If you’re an IT director, CIO, or security leader trying to evaluate AI adoption, this episode will help you understand why AI security solutions must be part of your strategy from day one. AI innovation without AI security solutions creates exposure. AI innovation with the right AI security solutions creates opportunity.
The IT Director's Podcast featuring Adam Forester
Jay: What is going on? It’s Jay and Michael on The IT Directors Podcast. We have a fantastic guest today. We have Adam Forester from Check Point. Adam, what is going on, my man?
Adam: Nothing too much, guys. I appreciate you having me out.
Jay: We’re going to talk about all things cybersecurity and AI and get Adam’s take. We are just thrilled to have him on the show today. Adam, as we’re just kicking off, tell us just a little bit about yourself.
Adam: A little bit about the history of me and information security. So I’ve been doing this for about 25 years now. I started right around 2001-ish.
I always say I’ve had a little bit of an interesting career because I’ve gotten to work every part of this journey, right? So, I’ve been a partner; I was a VAR for a number of years. Then I went to the customer side. I was at a large healthcare company here in Nashville, where I was the manager of the network security department as well as operations. I’ve been at Check Point now for about 11 years.
Michael: So, short version: You have some experience in this area.
Adam: Every now and then I like to come out and say, “I’ve got something,” but I’m always learning.
Jay: That is fantastic, man. We’re going to go ahead and just get kicked off, and we’re going to ask you a couple of questions and just let you talk about your experience and your role.
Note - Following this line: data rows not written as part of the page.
(* There exists a locally convex topology $\tau$ on the closed unit ball $B_{c_0}$ of $c_0$, containing the weak topology of $B_{c_0}$, such that $B_{c_0}$ is $\tau$-strongly regular for open subsets, while every nonempty $\tau$-open subset of $B_{c_0}$ has (norm) diameter $2$.
   Context: $c_0$ carries its usual sup norm. Locally convex means having a basis of convex open sets. For $O\subset B_{c_0}$, $\tau|_O$ denotes the induced topology. $B_{c_0}$ is $\tau$-strongly regular for open subsets if for every nonempty convex $\tau$-open subset $O$ of $B_{c_0}$ and every $\varepsilon>0$ there is a convex combination (Minkowski sum $\sum_i\lambda_iU_i$, $\lambda_i\ge0$, $\sum\lambda_i=1$) of nonempty $\tau|_O$-open sets $U_i$ with norm diameter less than $\varepsilon$. *)

From mathcomp Require Import all_boot all_order all_algebra.
From mathcomp Require Import boolp classical_sets reals.
Set Implicit Arguments. Unset Strict Implicit. Unset Printing Implicit Defensive.
Import Order.TTheory GRing.Theory Num.Theory.
Local Open Scope classical_set_scope.
Local Open Scope ring_scope.

Section C0.
Variable R : realType.

Definition c0 (x : nat -> R) : Prop :=
  forall e : R, 0 < e -> exists N : nat, forall n : nat, (N <= n)%N -> `|x n| < e.

Definition c0norm (x : nat -> R) : R := sup [set `|x n| | n in [set: nat]].

Definition Bc0 : set (nat -> R) := [set x | c0 x /\ c0norm x <= 1].

Definition diam (A : set (nat -> R)) : R :=
  sup [set d | exists x y, A x /\ A y /\ d = c0norm (fun n => x n - y n)].

Definition convex_set (A : set (nat -> R)) : Prop :=
  forall x y (t : R), A x -> A y -> 0 <= t -> t <= 1 ->
    A (fun n => t * x n + (1 - t) * y n).

Definition c0_dual (f : (nat -> R) -> R) : Prop :=
  (forall x y (a b : R), c0 x -> c0 y ->
     f (fun n => a * x n + b * y n) = a * f x + b * f y) /\
  exists C : R, forall x, c0 x -> `|f x| <= C * c0norm x.

Definition weak_open (U : set (nat -> R)) : Prop :=
  U `<=` Bc0 /\
  forall x, U x -> exists (k : nat) (f : nat -> (nat -> R) -> R) (e : R),
    0 < e /\ (forall i, (i < k)%N -> c0_dual (f i)) /\
    (forall y, Bc0 y -> (forall i, (i < k)%N -> `|f i y - f i x| < e) -> U y).

Definition is_topology_on_Bc0 (tau : set (set (nat -> R))) : Prop :=
  (forall U, tau U -> U `<=` Bc0) /\ tau set0 /\ tau Bc0 /\
  (forall U V, tau U -> tau V -> tau (U `&` V)) /\
  (forall F : set (set (nat -> R)), F `<=` tau -> tau (\bigcup_(U in F) U)).

Definition locally_convex (tau : set (set (nat -> R))) : Prop :=
  forall U x, tau U -> U x ->
    exists V, tau V /\ convex_set V /\ V x /\ V `<=` U.

Definition rel_open (tau : set (set (nat -> R))) (O U : set (nat -> R)) : Prop :=
  exists W, tau W /\ U = O `&` W.

Definition mink_comb (k : nat) (lam : nat -> R) (Us : nat -> set (nat -> R))
  : set (nat -> R) :=
  [set z | exists u : nat -> nat -> R,
     (forall i, (i < k)%N -> Us i (u i)) /\
     z = (fun n => \sum_(i < k) lam i * u i n)].

Definition strongly_regular_open (tau : set (set (nat -> R))) : Prop :=
  forall O, tau O -> O !=set0 -> convex_set O ->
  forall e : R, 0 < e ->
    exists (k : nat) (lam : nat -> R) (Us : nat -> set (nat -> R)),
      (forall i, (i < k)%N -> 0 <= lam i) /\
      \sum_(i < k) lam i = 1 /\
      (forall i, (i < k)%N -> rel_open tau O (Us i) /\ Us i !=set0) /\
      diam (mink_comb k lam Us) < e.

End C0.

From mathcomp Require Import all_boot all_order all_algebra.
From mathcomp Require Import boolp classical_sets reals.
From mathcomp Require Import ring lra zify.
Import Order.TTheory GRing.Theory Num.Theory.
Set Implicit Arguments. Unset Strict Implicit. Unset Printing Implicit Defensive.
Local Open Scope classical_set_scope.
Local Open Scope ring_scope.

(* A basic neighbourhood of x refines a weak one by a finite list H of pins
   (m, b), each keeping x_m near 1/2 (b true) or near 0 (b false), and by
   controlling, uniformly within d, every coordinate that is not free for H;
   n is free when it exceeds every pinned position m and its m-th binary digit
   is b.  Since the pins of a point are consistent, free coordinates are
   unbounded, and functionals of c_0^* vanish at infinity on unit vectors.
   Hence every open set contains two points at distance 2, obtained by setting
   a far free coordinate to 1 and to -1.  For strong regularity, pick K far
   free coordinates t_0, ..., t_(K-1) and let x_i carry 1/2 at t_i and 0 at
   the other t_j, pinned accordingly: x_i is still close to x, and the binary
   digits at the t_j make the free sets of the K new neighbourhoods pairwise
   disjoint.  In their average each coordinate therefore moves by at most
   2/K + 2d. *)

Lemma notin_gt_bigmax (S : seq nat) n : (\max_(t <- S) t < n)%N -> n \notin S.
Proof.
move=> hn; apply/negP => nS.
by have := @leq_bigmax_seq _ S xpredT id n nS isT; rewrite leqNgt hn.
Qed.

Lemma unbounded_uniq_seq (P : nat -> Prop) :
  (forall M, exists2 m, (M <= m)%N & P m) ->
  forall K, exists S : seq nat, [/\ uniq S, size S = K & forall t, t \in S -> P t].
Proof.
move=> hP; elim=> [|K [S [uS sS PS]]]; first by exists [::].
have [m mS Pm] := hP (\max_(t <- S) t).+1.
exists (m :: S); split=> /=; first by rewrite notin_gt_bigmax.
- by rewrite sS.
- by move=> t; rewrite inE => /predU1P[->|/PS].
Qed.


Definition digit (n m : nat) : bool := odd (n %/ 2 ^ m).

(* The leading digit 1 makes [binary l] exceed every position of [l]. *)
Fixpoint binary (l : seq bool) : nat := if l is b :: l' then b + (binary l').*2 else 1.

Lemma digit_binary l m : (m < size l)%N -> digit (binary l) m = nth false l m.
Proof.
elim: l m => [|b l IH] [|m] //=.
  by move=> _; rewrite /digit expn0 divn1 oddD odd_double addbF; case: b.
by rewrite ltnS => /IH <-; rewrite /digit expnS divnMA divn2 half_bit_double.
Qed.

Lemma size_lt_binary l : (size l < binary l)%N.
Proof. by elim: l => [|[] l IH] //=; lia. Qed.

Definition free_coord (H : seq (nat * bool)) (n : nat) : bool :=
  all (fun p => (p.1 < n)%N && (digit n p.1 == p.2)) H.

Definition consistent_pins (H : seq (nat * bool)) : Prop :=
  forall m, (m, true) \in H -> (m, false) \notin H.

Lemma pin_not_free H p : p \in H -> ~~ free_coord H p.1.
Proof. by move=> pH; apply/negP => /allP/(_ _ pH)/andP[]; rewrite ltnn. Qed.

Lemma free_coord_unbounded H : consistent_pins H ->
  forall M, exists2 n, (M <= n)%N & free_coord H n.
Proof.
move=> cH M; pose P := (M + (\max_(p <- H) p.1).+1)%N.
pose l := [seq (j, true) \in H | j <- iota 0 P].
have sl : size l = P by rewrite size_map size_iota.
exists (binary l); first by rewrite (leq_trans _ (ltnW (size_lt_binary l))) // sl leq_addr.
apply/allP => -[m b] mbH /=.
have mP : (m < P)%N.
  by have := @leq_bigmax_seq _ H xpredT (fun p => p.1) _ mbH isT; rewrite /P /=; lia.
apply/andP; split; first by rewrite (leq_trans mP) // -sl ltnW ?size_lt_binary.
rewrite digit_binary ?sl // (nth_map 0%N) ?size_iota // nth_iota // add0n.
by case: b mbH => [-> //|mfH]; rewrite eqbF_neg; apply: contraL mfH; apply: cH.
Qed.

Section C0Ball.
Variable R : realType.
Implicit Types (x y z : nat -> R) (S : seq nat).

Lemma c0_bounded x : c0 x -> exists B : R, forall n, `|x n| <= B.
Proof.
move=> cx; have [N hN] := cx 1 ltr01.
exists (1 + \sum_(j < N) `|x j|) => n.
case: (leqP N n) => [Nn|nN].
  by rewrite -[`|x n|]addr0; apply: lerD; [exact: ltW (hN n Nn) | exact: sumr_ge0].
rewrite -[`|x n|]add0r; apply: lerD => //.
by rewrite (bigD1 (Ordinal nN)) //= lerDl sumr_ge0.
Qed.

Lemma coord_le_c0norm x n : c0 x -> `|x n| <= c0norm x.
Proof.
move=> /c0_bounded[B hB]; apply: ub_le_sup; last by exists n.
by exists B => _ [m _ <-].
Qed.

Lemma c0norm_le x (b : R) : (forall n, `|x n| <= b) -> c0norm x <= b.
Proof. by move=> hb; apply: ge_sup; [exists `|x 0%N|, 0%N | move=> _ [m _ <-]]. Qed.

Lemma c0norm_ge0 x : c0 x -> 0 <= c0norm x.
Proof. by move=> cx; apply: le_trans (coord_le_c0norm 0 cx). Qed.

Lemma c0_finite_change x y S : c0 x -> (forall n, n \notin S -> y n = x n) -> c0 y.
Proof.
move=> cx yx e e0; have [N hN] := cx e e0.
exists (maxn N (\max_(t <- S) t).+1) => n; rewrite geq_max => /andP[Nn Sn].
by rewrite yx ?hN ?notin_gt_bigmax.
Qed.

Lemma c0_finsupp x S : (forall n, n \notin S -> x n = 0) -> c0 x.
Proof.
by apply: (@c0_finite_change (fun=> 0)) => e e0; exists 0%N => n _; rewrite normr0.
Qed.

Lemma c0_lin x y (a b : R) : c0 x -> c0 y -> c0 (fun n => a * x n + b * y n).
Proof.
move=> cx cy e e0; set C := `|a| + `|b| + 1.
have C0 : 0 < C by rewrite ltr_wpDl ?addr_ge0.
have [N1 h1] := cx _ (divr_gt0 e0 C0); have [N2 h2] := cy _ (divr_gt0 e0 C0).
exists (maxn N1 N2) => n; rewrite geq_max => /andP[n1 n2].
apply: le_lt_trans (ler_normD _ _) _; rewrite !normrM.
have -> : e = C * (e / C) by rewrite mulrC divfK ?gt_eqF.
move: (e / C) (divr_gt0 e0 C0) (h1 n n1) (h2 n n2) => c c_gt0 hx hy.
have := normr_ge0 a; have := normr_ge0 b; rewrite /C; nra.
Qed.

Lemma c0_sub x y : c0 x -> c0 y -> c0 (fun n => x n - y n).
Proof.
move=> cx cy; have := c0_lin 1 (-1) cx cy.
by congr c0; apply: funext => n; rewrite mul1r mulN1r.
Qed.

Definition unitv (m : nat) : nat -> R := fun n => if n == m then 1 else 0.

Lemma c0_unitv m : c0 (unitv m).
Proof. by apply: (c0_finsupp (S := [:: m])) => n; rewrite inE /unitv => /negbTE ->. Qed.

Lemma Bc0_intro x : c0 x -> (forall n, `|x n| <= 1) -> Bc0 x.
Proof. by move=> cx x1; split=> //; apply: c0norm_le. Qed.

Lemma Bc0_coord_le x n : Bc0 x -> `|x n| <= 1.
Proof. by move=> [cx x1]; apply: le_trans (coord_le_c0norm n cx) x1. Qed.

Lemma Bc0_coord_dist_le x y n : Bc0 x -> Bc0 y -> `|x n - y n| <= 2.
Proof.
move=> /(Bc0_coord_le n) bx /(Bc0_coord_le n) by_.
by apply: le_trans (ler_normB _ _) _; lra.
Qed.

Lemma Bc0_dist_le x y : Bc0 x -> Bc0 y -> c0norm (fun n => x n - y n) <= 2.
Proof. by move=> bx by_; apply: c0norm_le => n; apply: Bc0_coord_dist_le. Qed.

Definition duals k (f : nat -> (nat -> R) -> R) := forall i, (i < k)%N -> c0_dual (f i).

Lemma dual_lin f x y (a b : R) : c0_dual f -> c0 x -> c0 y ->
  f (fun n => a * x n + b * y n) = a * f x + b * f y.
Proof. by move=> [lin _]; apply: lin. Qed.

Lemma dual0 (f : (nat -> R) -> R) : c0_dual f -> f (fun=> 0) = 0.
Proof.
move=> hf; have c00 : c0 (fun=> 0 : R) by apply: (c0_finsupp (S := [::])).
transitivity (f (fun n => 0 * 0 + 0 * 0)).
  by congr f; apply: funext => n; rewrite mul0r addr0.
by rewrite (dual_lin 0 0 hf c00 c00) !mul0r addr0.
Qed.

Lemma dual_sub f x y : c0_dual f -> c0 x -> c0 y -> f (fun n => x n - y n) = f x - f y.
Proof.
move=> hf cx cy; rewrite -mulN1r -[f x]mul1r -(dual_lin _ _ hf cx cy).
by congr f; apply: funext => n; rewrite mul1r mulN1r.
Qed.

Lemma dual_finsupp f d S : c0_dual f -> uniq S -> (forall n, n \notin S -> d n = 0) ->
  f d = \sum_(s <- S) d s * f (unitv s).
Proof.
move=> hf; elim: S d => [|s S IH] d /=.
  by move=> _ d0; rewrite big_nil -(dual0 hf); congr f; apply: funext => n; rewrite d0.
move=> /andP[sS uS] dS; pose d' n := if n == s then 0 else d n.
have d'S n : n \notin S -> d' n = 0.
  by rewrite /d'; case: eqVneq => // ns nS; apply: dS; rewrite inE negb_or ns.
have {1}-> : d = (fun n => 1 * d' n + d s * unitv s n).
  apply: funext => n; rewrite /d' /unitv.
  by case: eqVneq => [->|_]; rewrite ?mulr1 ?mulr0 ?mul1r ?add0r ?addr0.
rewrite (dual_lin _ _ hf (c0_finsupp d'S) (c0_unitv s)) mul1r big_cons addrC (IH _ uS d'S).
congr (_ + _); apply: eq_big_seq => t tS; rewrite /d' ifN_eq //.
by apply: contraNneq sS => <-.
Qed.

Lemma dual_unitv_l1_bounded (f : (nat -> R) -> R) : c0_dual f ->
  exists C : R, forall S, uniq S -> \sum_(t <- S) `|f (unitv t)| <= C.
Proof.
move=> hf; have [_ [C hC]] := hf; exists `|C| => S uS.
pose w n := if n \in S then Num.sg (f (unitv n)) else 0.
have wS n : n \notin S -> w n = 0 by rewrite /w => /negbTE ->.
have cw := c0_finsupp wS.
have -> : \sum_(t <- S) `|f (unitv t)| = f w.
  by rewrite (dual_finsupp hf uS wS); apply: eq_big_seq => t tS; rewrite /w tS -normrEsg.
have w1 : c0norm w <= 1.
  apply: c0norm_le => n; rewrite /w; case: ifP => _; last by rewrite normr0.
  by rewrite normr_sg; case: (_ != 0).
apply: le_trans (ler_norm _) (le_trans (hC w cw) _).
apply: le_trans (ler_wpM2r (c0norm_ge0 cw) (ler_norm C)) _.
by rewrite -[leRHS]mulr1 ler_wpM2l.
Qed.

Lemma dual_unitv_vanish (f : (nat -> R) -> R) (eps : R) : c0_dual f -> 0 < eps ->
  exists M, forall m, (M <= m)%N -> `|f (unitv m)| < eps.
Proof.
move=> hf eps0; apply: contrapT => no_vanish.
have unb M : exists2 m, (M <= m)%N & eps <= `|f (unitv m)|.
  apply: contrapT => no_big; apply: no_vanish; exists M => m Mm.
  by rewrite ltNge; apply/negP => big; apply: no_big; exists m.
have [C hC] := dual_unitv_l1_bounded hf.
pose K := Num.Def.archi_bound (`|C| / eps).
have [S [uS sS bigS]] := unbounded_uniq_seq unb K.
have : K%:R * eps <= `|C|.
  apply: le_trans (ler_norm C); apply: le_trans (hC S uS).
  apply: le_trans (_ : \sum_(t <- S) eps <= _).
    by rewrite big_const_seq count_predT iter_addr_0 sS mulr_natl.
  by rewrite big_seq [leRHS]big_seq; apply: ler_sum => t /bigS.
by rewrite -ler_pdivlMr // leNgt archi_boundP // divr_ge0 // ltW.
Qed.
We know what Check Point does. We know the overall high level of Check Point, but we’re going to get into a little bit of the AI and cybersecurity around that. So what is AI in cybersecurity? What does it mean, and what is Check Point’s role, and how have you seen that develop over the last year or two?
Adam: You know, it’s an interesting topic. When I was talking to Michael about it, I was telling him that I talked about this almost every day with people, right? When I sit with customers, this is the thing that they want to talk about right now. Because it’s not only that it’s new, but everybody’s trying to figure out where the play is, right?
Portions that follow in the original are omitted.